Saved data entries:
(* Let $m \geq 5$ be an odd integer. The digraph $H_{2m}$ admits a $\vec{C}_m$-factorization (in fact one consisting of four $\vec{C}_m$-factors).
   Context: $H_{2m} = \vec{X}(m,\{\pm 1\}) \wr \overline{K}_2$ is the digraph with vertex set $\{x_a, y_a : a \in \mathbb{Z}_m\}$ whose arcs are exactly $(u_a, v_b)$ for all $u, v \in \{x, y\}$ and all $a, b \in \mathbb{Z}_m$ with $b - a \equiv \pm 1 \pmod m$. (Here $\vec{X}(m,D)$ is the directed circulant on $\mathbb{Z}_m$ with arcs $(a,b)$ whenever $b-a \in D$ modulo $m$, $\overline{K}_2$ is the empty graph on two vertices $\{x,y\}$, and the wreath product $G \wr H$ has vertex set $V(G)\times V(H)$ with an arc from $(g_1,h_1)$ to $(g_2,h_2)$ iff $(g_1,g_2)\in A(G)$, or $g_1=g_2$ and $(h_1,h_2)\in A(H)$; we write $x_a=(a,x)$, $y_a=(a,y)$.) A $\vec{C}_m$-factor of a digraph is a spanning subdigraph that is a disjoint union of directed $m$-cycles; a $\vec{C}_m$-factorization is a partition of the arc set into $\vec{C}_m$-factors. *)

From mathcomp Require Import all_boot.
Set Implicit Arguments. Unset Strict Implicit. Unset Printing Implicit Defensive.

(* Vertices of H_{2m}: pairs (a, u) with a : 'I_m (standing for Z_m) and
   u : bool, where false = x and true = y; so x_a = (a, false), y_a = (a, true). *)
Definition vert (m : nat) : finType := ('I_m * bool)%type.

Definition H_arc (m : nat) (p q : vert m) : bool :=
  ((p.1 + 1) %% m == q.1) || ((q.1 + 1) %% m == p.1).

Definition H_arcs (m : nat) : {set vert m * vert m} :=
  [set e | H_arc e.1 e.2].

(* A set F of arcs of a digraph on a finite vertex type V is a directed
   m-cycle factor (a spanning subdigraph that is a disjoint union of directed
   m-cycles) iff there is a successor map s : V -> V, injective (so every
   vertex has in- and out-degree 1 in F), whose arcs are exactly F, and every
   vertex lies on an s-cycle of length exactly m. *)
Definition Cm_factor (V : finType) (m : nat) (F : {set V * V}) : Prop :=
  exists s : V -> V,
    [/\ injective s,
        F = [set e | s e.1 == e.2] &
        forall v : V, order s v = m].

Definition Cm_factorization (V : finType) (m k : nat) (A : {set V * V})
    (Fs : 'I_k -> {set V * V}) : Prop :=
  [/\ forall i, Cm_factor m (Fs i),
      forall i j, i != j -> [disjoint Fs i & Fs j] &
      \bigcup_(i < k) Fs i = A].

From mathcomp Require Import all_boot zify.
Set Implicit Arguments. Unset Strict Implicit. Unset Printing Implicit Defensive.

(* A labelling f : Z_m -> bool selects one vertex (a, f a) on
   every level a of H_2m.  The "walk" along f moves every selected vertex one
   level forward to the selected vertex of the next level, and every
   unselected vertex one level backward to the unselected vertex of the
   previous level.  This is a permutation of the vertices with exactly two
   orbits, both directed m-cycles, and all its arcs are arcs of H_2m; hence it
   is a C_m-factor.
   The forward arcs between the levels a and a+1 are the four arcs
   (a,u) -> (a+1,v) and the walk along f uses the one with
   (u,v) = (f a, f (a+1)); the backward arcs between these levels are used
   symmetrically.  So k labellings give a C_m-factorization as soon as, on
   every level a, the pairs (f_i a, f_i (a+1)) run bijectively over
   bool * bool (and m > 2, so that forward and backward arcs differ).
   For odd m we exhibit four such labellings. *)

Section FirstReturn.

Variables (T : finType) (f : T -> T).
Hypothesis f_inj : injective f.

Lemma iter_neq_before_order x k : 0 < k < order f x -> iter k f x != x.
Proof.
case/andP=> k_gt0 lt_k_ord; apply: contraTneq k_gt0 => fkx.
by rewrite -(findex_iter lt_k_ord) fkx findex0.
Qed.

Lemma order_first_return x n :
  0 < n -> iter n f x = x -> (forall k, 0 < k < n -> iter k f x != x) ->
  order f x = n.
Proof.
move=> n_gt0 fnx first_return.
have [lt_ord_n | lt_n_ord //|//] := ltngtP (order f x) n.
  have := first_return (order f x).
  by rewrite order_gt0 lt_ord_n iter_order // eqxx => /(_ isT).
have := @iter_neq_before_order x n.
by rewrite n_gt0 lt_n_ord fnx eqxx => /(_ isT).
Qed.

End FirstReturn.

Lemma order_conj (T U : finType) (f : T -> T) (g : U -> U) (h : T -> U) x :
  injective f -> injective g -> injective h ->
  (forall y, g (h y) = h (f y)) -> order g (h x) = order f x.
Proof.
move=> f_inj g_inj h_inj gh_hf.
have iter_conj k : iter k g (h x) = h (iter k f x).
  by elim: k => // k IHk; rewrite !iterS IHk gh_hf.
apply: (order_first_return g_inj) => [||k k_range]; first exact: order_gt0.
  by rewrite iter_conj iter_order.
by rewrite iter_conj (inj_eq h_inj) iter_neq_before_order.
Qed.

Lemma iter_can (T : Type) (f g : T -> T) k :
  cancel f g -> cancel (iter k f) (iter k g).
Proof. by move=> fK; elim: k => // k IHk x; rewrite iterSr iterS fK IHk. Qed.

Section CyclicSuccessor.

Variable m : nat.

Lemma val_iter_ordS (a : 'I_m) k : val (iter k (@ordS m) a) = (a + k) %% m.
Proof.
elim: k => [|k IHk] /=; first by rewrite addn0 modn_small.
by rewrite IHk -addn1 modnDml addn1 addnS.
Qed.

Lemma iter_ordS_id (a : 'I_m) k : (iter k (@ordS m) a == a) = (m %| k).
Proof.
rewrite -val_eqE val_iter_ordS -[X in _ == X](modn_small (ltn_ord a)).
by rewrite -[X in _ == X %% _]addn0 eqn_modDl mod0n.
Qed.

Lemma iter_ord_pred_id (a : 'I_m) k : (iter k (@ord_pred m) a == a) = (m %| k).
Proof.
have iter_ordS_inj := can_inj (iter_can k (@ordSK m)).
rewrite -(inj_eq iter_ordS_inj) iter_can; last exact: ord_predK.
by rewrite eq_sym iter_ordS_id.
Qed.

Lemma order_Zm_rotation (s : 'I_m -> 'I_m) (a : 'I_m) :
  injective s -> (forall k, (iter k s a == a) = (m %| k)) -> order s a = m.
Proof.
have m_gt0 : 0 < m by apply: leq_ltn_trans (ltn_ord a).
move=> s_inj s_return; apply: order_first_return => //.
  by apply/eqP; rewrite s_return dvdnn.
move=> k /andP[k_gt0 lt_k_m]; rewrite s_return.
by apply: contraTN lt_k_m => /(dvdn_leq k_gt0); rewrite leqNgt.
Qed.

Lemma order_ordS (a : 'I_m) : order (@ordS m) a = m.
Proof. exact: order_Zm_rotation (@ordS_inj m) (iter_ordS_id a). Qed.

Lemma order_ord_pred (a : 'I_m) : order (@ord_pred m) a = m.
Proof. exact: order_Zm_rotation (@ord_pred_inj m) (iter_ord_pred_id a). Qed.

Lemma ordS_neq_ord_pred (a : 'I_m) : 2 < m -> ordS a != ord_pred a.
Proof.
move=> m_gt2; apply: contraTneq m_gt2 => succ_eq_pred.
have : iter 2 (@ordS m) a == a by rewrite /= succ_eq_pred ord_predK.
by rewrite iter_ordS_id => /(dvdn_leq (isT : 0 < 2)); rewrite leqNgt.
Qed.

End CyclicSuccessor.

Lemma H_arcE m (p q : vert m) :
  H_arc p q = (ordS p.1 == q.1) || (ordS q.1 == p.1).
Proof. by rewrite /H_arc -!val_eqE /= !addn1. Qed.

Section Walk.

Variables (m : nat) (f : 'I_m -> bool).

Definition walk (p : vert m) : vert m :=
  if p.2 == f p.1 then (ordS p.1, f (ordS p.1))
  else (ord_pred p.1, ~~ f (ord_pred p.1)).

Definition walk_arcs : {set vert m * vert m} := [set e | walk e.1 == e.2].

Lemma walk_forward a : walk (a, f a) = (ordS a, f (ordS a)).
Proof. by rewrite /walk eqxx. Qed.

Lemma walk_backward a : walk (a, ~~ f a) = (ord_pred a, ~~ f (ord_pred a)).
Proof. by rewrite /walk /=; case: (f a). Qed.

Lemma selected_or_not a (u : bool) : u = f a \/ u = ~~ f a.
Proof. by case: u; case: (f a); auto. Qed.

(* The walk is a permutation: forward and backward steps never collide. *)
Lemma walk_inj : injective walk.
Proof.
move=> [a u] [b v].
have [->|->] := selected_or_not a u; have [->|->] := selected_or_not b v;
  rewrite ?walk_forward ?walk_backward => /pair_equal_spec[ab_eq f_eq].
- by rewrite (ordS_inj ab_eq).
- by move: f_eq; rewrite ab_eq; case: (f _).
- by move: f_eq; rewrite ab_eq; case: (f _).
- by rewrite (ord_pred_inj ab_eq).
Qed.

Lemma order_walk p : order walk p = m.
Proof.
case: p => a u; have [->|->] := selected_or_not a u.
  have selected_inj : injective (fun b => (b, f b)) by move=> b c [].
  rewrite (order_conj _ (@ordS_inj m) walk_inj selected_inj walk_forward).
  exact: order_ordS.
have unselected_inj : injective (fun b => (b, ~~ f b)) by move=> b c [].
rewrite (order_conj _ (@ord_pred_inj m) walk_inj unselected_inj walk_backward).
exact: order_ord_pred.
Qed.

Lemma walk_factor : Cm_factor m walk_arcs.
Proof. by exists walk; split; [exact: walk_inj | | exact: order_walk]. Qed.

Lemma walk_arc p : H_arc p (walk p).
Proof.
rewrite H_arcE /walk; case: ifP => _ /=; first by rewrite eqxx.
by rewrite ord_predK eqxx orbT.
Qed.

Hypothesis m_gt2 : 2 < m.

Lemma walk_forward_arc a u v :
  (walk (a, u) == (ordS a, v)) = ((u, v) == (f a, f (ordS a))).
Proof.
have [->|->] := selected_or_not a u.
  by rewrite walk_forward !xpair_eqE !eqxx eq_sym.
rewrite walk_backward !xpair_eqE eq_sym (negPf (ordS_neq_ord_pred _ m_gt2)).
by case: (f a).
Qed.

Lemma walk_backward_arc a u v :
  (walk (ordS a, u) == (a, v)) = ((~~ v, ~~ u) == (f a, f (ordS a))).
Proof.
have [->|->] := selected_or_not (ordS a) u.
  rewrite walk_forward !xpair_eqE (canF_eq (@ordSK m)).
  rewrite (negPf (ordS_neq_ord_pred _ m_gt2)).
  by case: (f (ordS a)); rewrite andbF.
by rewrite walk_backward ordSK !xpair_eqE negbK !eqxx andbT eqb_negLR eq_sym.
Qed.

End Walk.

Lemma H_arc_level m (p q : vert m) : 2 < m -> H_arc p q ->
  exists c : 'I_m, exists e : bool * bool,
    forall f, (walk f p == q) = (e == (f c, f (ordS c))).
Proof.
move=> m_gt2; case: p q => [a u] [b v]; rewrite H_arcE /= => /orP[] /eqP <-.
  by exists a, (u, v) => f; exact: walk_forward_arc.
by exists b, (~~ v, ~~ u) => f; exact: walk_backward_arc.
Qed.

Section Factorization.

Variables (m k : nat) (L : 'I_k -> 'I_m -> bool).
Hypothesis m_gt2 : 2 < m.
Hypothesis L_levels :
  forall a : 'I_m, bijective (fun i => (L i a, L i (ordS a))).

(* Two walks never share an arc: the arc determines the label pair. *)
Lemma walks_disjoint i j :
  i != j -> [disjoint walk_arcs (L i) & walk_arcs (L j)].
Proof.
move=> neq_ij; rewrite disjoint_subset; apply/subsetP => -[p q].
rewrite !inE /= => walk_i; apply: contra neq_ij => walk_j.
have : H_arc p q by rewrite -(eqP walk_i) walk_arc.
case/(H_arc_level m_gt2) => c [e owner].
move: walk_i walk_j; rewrite !owner => /eqP e_i /eqP e_j.
by apply/eqP/(bij_inj (L_levels c)); rewrite /= -e_i -e_j.
Qed.

(* Every arc of H_2m is used by the walk whose labels realize its pair. *)
Lemma walks_cover : \bigcup_(i < k) walk_arcs (L i) = H_arcs m.
Proof.
apply/setP => -[p q]; rewrite /H_arcs inE /=.
apply/bigcupP/idP => [[i _]|arc_pq].
  by rewrite inE /= => /eqP <-; exact: walk_arc.
have [c [e owner]] := H_arc_level m_gt2 arc_pq.
have [g _ gK] := L_levels c.
by exists (g e) => //; rewrite inE owner gK.
Qed.

Lemma walks_factorization :
  Cm_factorization m (H_arcs m) (fun i => walk_arcs (L i)).
Proof.
split; [move=> i; exact: walk_factor | exact: walks_disjoint |].
exact: walks_cover.
Qed.

End Factorization.

Definition odd_labels (m : nat) (i : 'I_4) (a : 'I_m) : bool :=
  match val i with
  | 0 => a.+1 < m
  | 1 => ~~ odd a
  | 2 => odd a || (a.+1 == m)
  | _ => false
  end.

(* For odd m > 2 they realize the four label pairs on every level a, a+1:
   the level types are interior, next-to-last (odd) and last (even). *)
Lemma odd_labels_inj m (a : 'I_m) : odd m -> 2 < m ->
  injective (fun i => (odd_labels i a, odd_labels i (ordS a))).
Proof.
move=> m_odd m_gt2 i j; rewrite /odd_labels /=.
have [a1_lt|a1_gt|a1_eq] := ltngtP a.+1 m.
- rewrite modn_small //=; have [a2_lt|a2_gt|a2_eq] := ltngtP a.+2 m.
  + by case: (odd a); case: i j => [[|[|[|[|?]]]] ?] [[|[|[|[|?]]]] ?] //=
      /eqP // _; apply: val_inj.
  + by lia.
  + have /= : odd a.+2 by rewrite a2_eq.
    rewrite negbK => ->.
    by case: i j => [[|[|[|[|?]]]] ?] [[|[|[|[|?]]]] ?] //= /eqP // _;
      apply: val_inj.
- by have := ltn_ord a; lia.
have /= /negbTE a_even : odd a.+1 by rewrite a1_eq.
rewrite a1_eq modnn a_even (ltnW m_gt2) (ltn_eqF (ltnW m_gt2)).
by case: i j => [[|[|[|[|?]]]] ?] [[|[|[|[|?]]]] ?] //= /eqP // _;
  apply: val_inj.
Qed.

(* By counting, injectivity on the four pairs is bijectivity. *)
Lemma odd_labels_levels m (a : 'I_m) : odd m -> 2 < m ->
  bijective (fun i => (odd_labels i a, odd_labels i (ordS a))).
Proof.
move=> m_odd m_gt2; apply: inj_card_bij (odd_labels_inj m_odd m_gt2) _.
by rewrite card_prod card_bool card_ord.
Qed.

Theorem mainTheorem3 (m : nat) :
  5 <= m -> odd m ->
  exists Fs : 'I_4 -> {set vert m * vert m},
    Cm_factorization m (H_arcs m) Fs.
Proof.
move=> m_ge5 m_odd; have m_gt2 : 2 < m by apply: leq_trans m_ge5.
exists (fun i => walk_arcs (odd_labels i)); apply: walks_factorization => // a.
exact: odd_labels_levels.
Qed.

| Work request |
The total wanted is the number of lines in the entries above that contain "forall". Give it alone.

| Output below |
8